Trató de no pensar en él, pues
todo lo relacionado con su prometido le causaba dolor de cabeza últimamente. Su
inocente enamoramiento se iba enfriando, pero a su vez pensaba que eso no era
nada bueno, ya que tendría que convivir con él toda la vida. ¿Qué podría hacer?
La respuesta era sencilla: nada; y eso sí que era una absoluta certeza. Tragó
el nudo que se formó en su garganta y forzó una sonrisa para que Margaret no se
percatara de que escondía sus emociones. Lo último que deseaba era preocuparla.
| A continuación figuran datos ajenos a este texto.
Lemma salie_eq0 a c : legendre (a * c) = -1 -> \sum_k legendre k * psi (a * k^-1 + c * k) = 0.
Proof.
move=> ac_nonres; have [a0 c0] : a != 0 /\ c != 0.
  by apply/andP; rewrite -negb_or -mulf_eq0 -legendre_eq0 ac_nonres oppr_eq0 oner_eq0.
pose phi k := a * (c * k)^-1.
have phiK : involutive phi.
  move=> k; rewrite /phi; have [-> | k0] := eqVneq k 0; first by rewrite !(mulr0, invr0).
  by field; rewrite a0 c0 k0.
apply: eq_oppr_eq0; rewrite {1}(reindex_inj (can_inj phiK)) -sumrN; apply: eq_bigr => k _.
have [-> | k0] := eqVneq k 0; first by rewrite /phi !(mulr0, invr0, legendre0, mul0r, oppr0).
rewrite /phi legendreM legendreV legendreM mulrA -legendreM ac_nonres mulN1r mulNr.
by congr (- (_ * psi _)); field; rewrite a0 c0 k0.
Qed.

Variable r : 'F_p.
Hypothesis r_nonres : legendre r = -1.

Lemma sum_legendre : \sum_x legendre x = 0.
Proof.
have r0 : r != 0 by rewrite -legendre_eq0 r_nonres oppr_eq0 oner_eq0.
apply: eq_oppr_eq0; rewrite {1}(reindex_inj (mulfI r0)) -mulN1r mulr_sumr /=.
by apply: eq_bigr => x _; rewrite legendreM r_nonres.
Qed.

Definition gauss := \sum_k legendre k * psi k.

Lemma sum_legendre_psi_inv c : c != 0 -> \sum_k legendre k * psi (c * k^-1) = legendre c * gauss.
Proof.
move=> c0; pose phi k := c * k^-1.
have phiK : involutive phi.
  move=> k; rewrite /phi; have [-> | k0] := eqVneq k 0; first by rewrite !(mulr0, invr0).
  by field; rewrite c0 k0.
rewrite (reindex_inj (can_inj phiK)) /gauss mulr_sumr; apply: eq_bigr => k _.
rewrite /phi legendreM legendreV mulrA; congr (_ * psi _).
have [-> | k0] := eqVneq k 0; first by rewrite !(mulr0, invr0).
by field; rewrite c0 k0.
Qed.

Lemma gauss_sqr : gauss * gauss = legendre (-1) * p%:R.
Proof.
have -> : gauss * gauss = \sum_x \sum_t legendre t * psi (x * (1 + t)).
  rewrite /gauss mulr_suml; apply: eq_bigr => x _; rewrite mulr_sumr.
  have [-> | x0] := eqVneq x 0.
    rewrite legendre0 big1 => [|t _]; last by rewrite !mul0r.
    by under eq_bigr do rewrite mul0r psi0 mulr1; rewrite sum_legendre.
  rewrite (reindex_inj (mulfI x0)); apply: eq_bigr => t _.
  by rewrite legendreM mulrDr mulr1 psiD mulrACA (mulrA (legendre x)) (legendre_sqr x0) mul1r.
rewrite exchange_big (bigD1 (-1)) //= [X in _ + X]big1 ?addr0 => [|t t_neqN1].
  by rewrite -mulr_sumr sum_psiM addrN eqxx mul1r.
by rewrite -mulr_sumr sum_psiM addrC addr_eq0 (negbTE t_neqN1) mul0r mulr0.
Qed.

Hypothesis p_neq0 : (p%:R : F) != 0.

Lemma gauss_neq0 : gauss != 0.
Proof.
apply/eqP => g0; move/eqP: gauss_sqr; rewrite g0 mul0r eq_sym mulf_eq0 (negbTE p_neq0).
by rewrite legendre_eq0 oppr_eq0 oner_eq0.
Qed.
Pasaron a la casa y Helen se
sintió como en su segundo hogar. Olvidó todo lo malo por un instante.
—¿Dónde está Catherine?
—Oh, la he dejado salir fuera un
rato para que haga un descanso antes de continuar con sus lecciones —le explicó
con una sonrisa.
Helen correspondió el gesto. Hizo
una aspiración que la llenó de tranquilidad, por el aire puro que entró en su
organismo. Adoraba este lugar.
—La casa está muy silenciosa
—comentó Helen pensativa—, vamos fuera para saludarlas.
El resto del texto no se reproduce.